No hubo historia de aventuras que se salvara de mí.

«Pero vamos —le decía a la señorita Roginski cuando me restablecí—. Sigue recomendándome a Stevenson cuando ya me lo he leído todo. ¿A quién leo ahora?».

«Prueba con Scott —me sugería ella—, y vamos a ver si te gusta».

Y yo probaba con el viejo sir Walter y me gustaba lo suficiente como para tragarme media docena de libros en diciembre (gran parte del mes eran las vacaciones de Navidad, por lo tanto, no tenía que interrumpir la lectura nada más que de vez en cuando para comer algo).

«¿Y ahora quién más?».

«Tal vez Cooper —me decía ella». Y yo venga a leer
El cazador de ciervos y
todo lo demás sobre los rastreadores, y un buen día, por mi cuenta me topé con Dumas y D’Artagnan y esos dos tíos me tuvieron entretenido gran parte de febrero.

«Te has convertido en un adicto a la novela ante mis propios ojos —me dijo la señorita Roginski—. ¿Sabes que ahora te pasas más tiempo leyendo del que solías pasarte jugando? ¿No te das cuenta de que están empeorando tus notas de matemáticas?».

No me importaba cuando me criticaba. Estábamos solos en la clase, y la perseguía para que me sugiriese a alguien interesante que devorar. Meneó la cabeza y me dijo: «Billy, no cabe duda de que estás floreciendo. Delante de mis propios ojos. La cuestión es que no sé en qué te convertirás».

Yo me quedé ahí esperando a que me dijera el nombre de algún autor.
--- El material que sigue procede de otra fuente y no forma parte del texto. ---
(* Conservation at a point: the association splits the labels (0, eta e] of
   an incoming edge [e] into two intervals, carried to the two outgoing edges. *)
Lemma association_splits eta y0 b x l r : flow_ok eta x (next y0 b) ->
  len (Rmax (step_lo eta y0 b true l) 0)
      (Rmin (step_hi eta y0 b true r) (eta (edge (next y0 b) true)))
  + len (Rmax (step_lo eta y0 b false l) 0)
        (Rmin (step_hi eta y0 b false r) (eta (edge (next y0 b) false)))
  = len (Rmax l 0) (Rmin r (eta (edge y0 b))).
Proof.
  set (y1 := next y0 b). intros [Hsw [Hnw [Hx [Hne Hse]]]].
  unfold step_lo, step_hi, assoc_lo, assoc_hi, assoc_shift. fold y1.
  rewrite (edge_true_out y1), (edge_false_out y1). destruct b.
  - rewrite (edge_true_in y0). fold y1.
    set (m := Rmin (eta (e_sw y1)) (eta (e_nw y1))).
    rewrite <- (len_split l r 0 m (eta (e_sw y1))) by (unfold m, Rmin; destruct Rle_dec; lra).
    rewrite Rplus_comm. f_equal.
    + apply (len_translate _ _ _ _ 0). unfold m. interval_cases.
    + apply (len_translate _ _ _ _ (eta (e_nw y1))). unfold m. interval_cases.
  - rewrite (edge_false_in y0). fold y1.
    set (m := Rmax 0 (eta (e_nw y1) - eta (e_sw y1))).
    rewrite <- (len_split l r 0 m (eta (e_se y1))) by (unfold m, Rmax in *; repeat destruct Rle_dec; lra).
    rewrite Rplus_comm. f_equal.
    + apply (len_translate _ _ _ _ (- eta (e_sw y1))). unfold m. interval_cases.
    + apply (len_translate _ _ _ _ (eta (e_se y1) - eta (e_ne y1))). unfold m. interval_cases.
Qed.

Definition escapes (ins : Pt -> bool) (y : Pt) (s : list bool) : Prop :=
  (forall i, (i < length s)%nat -> ins (tpt y s i) = true) /\ ins (tpt y s (length s)) = false.

Fixpoint tails (ins : Pt -> bool) (n : nat) (y : Pt) : list (list bool) :=
  if ins y then
    match n with
    | O => []
    | S n' => map (cons true) (tails ins n' (next y true)) ++
              map (cons false) (tails ins n' (next y false))
    end
  else [[]].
«Eres insoportable, mira que quedarte ahí esperando… —se detuvo un segundo para pensar—. Está bien. Prueba con Hugo.
El jorobado de Notre Dame
».

«Hugo —dije yo—.
El jorobado
. Gracias». —Me volví dispuesto a salir corriendo hacia la biblioteca. Mientras me iba, la oí suspirar lo siguiente:

«Esto no durará. No puede durar».

Pero duró.

Y dura. Soy tan fanático de las aventuras ahora como lo era entonces, y esto nunca tendrá fin. Aquel primer libro mío que mencioné,
El templo del oro
, ¿sabéis de dónde saqué el título? De la película
Gunga Din
; la he visto dieciséis veces y sigo pensando que es la película más estupenda de aventuras que jamás, repito, que jamás se haya filmado. (La verdadera historia de
Gunga Din
: cuando me licencié del ejército, juré que jamás volvería a un puesto militar. Nada grandioso, sólo un juramento vitalicio. Bien, pues al día siguiente de haberme licenciado me encuentro en mi casa. Tengo un amigo en Fort Sheridan, que está cerca, y voy a verlo. Entonces él me dice: «Oye, adivina qué película hacen esta noche.
Gunga Din
». «Iremos, le dije yo». «No está permitido —me contestó—. Vas de civil». Resultado: volví a vestir el uniforme a la noche siguiente de haberme licenciado y entré a hurtadillas en un puesto militar para ver la película. Y salí a hurtadillas. Como un ladrón en plena noche. Con el corazón al galope, sudores fríos y demás.) Soy adicto a la acción/la aventura/llamadlo como queráis, en cualquier forma, color, etcétera. Jamás me perdí una película de Alan Ladd, o de Errol Flynn. Sigo sin perderme las de John Wayne.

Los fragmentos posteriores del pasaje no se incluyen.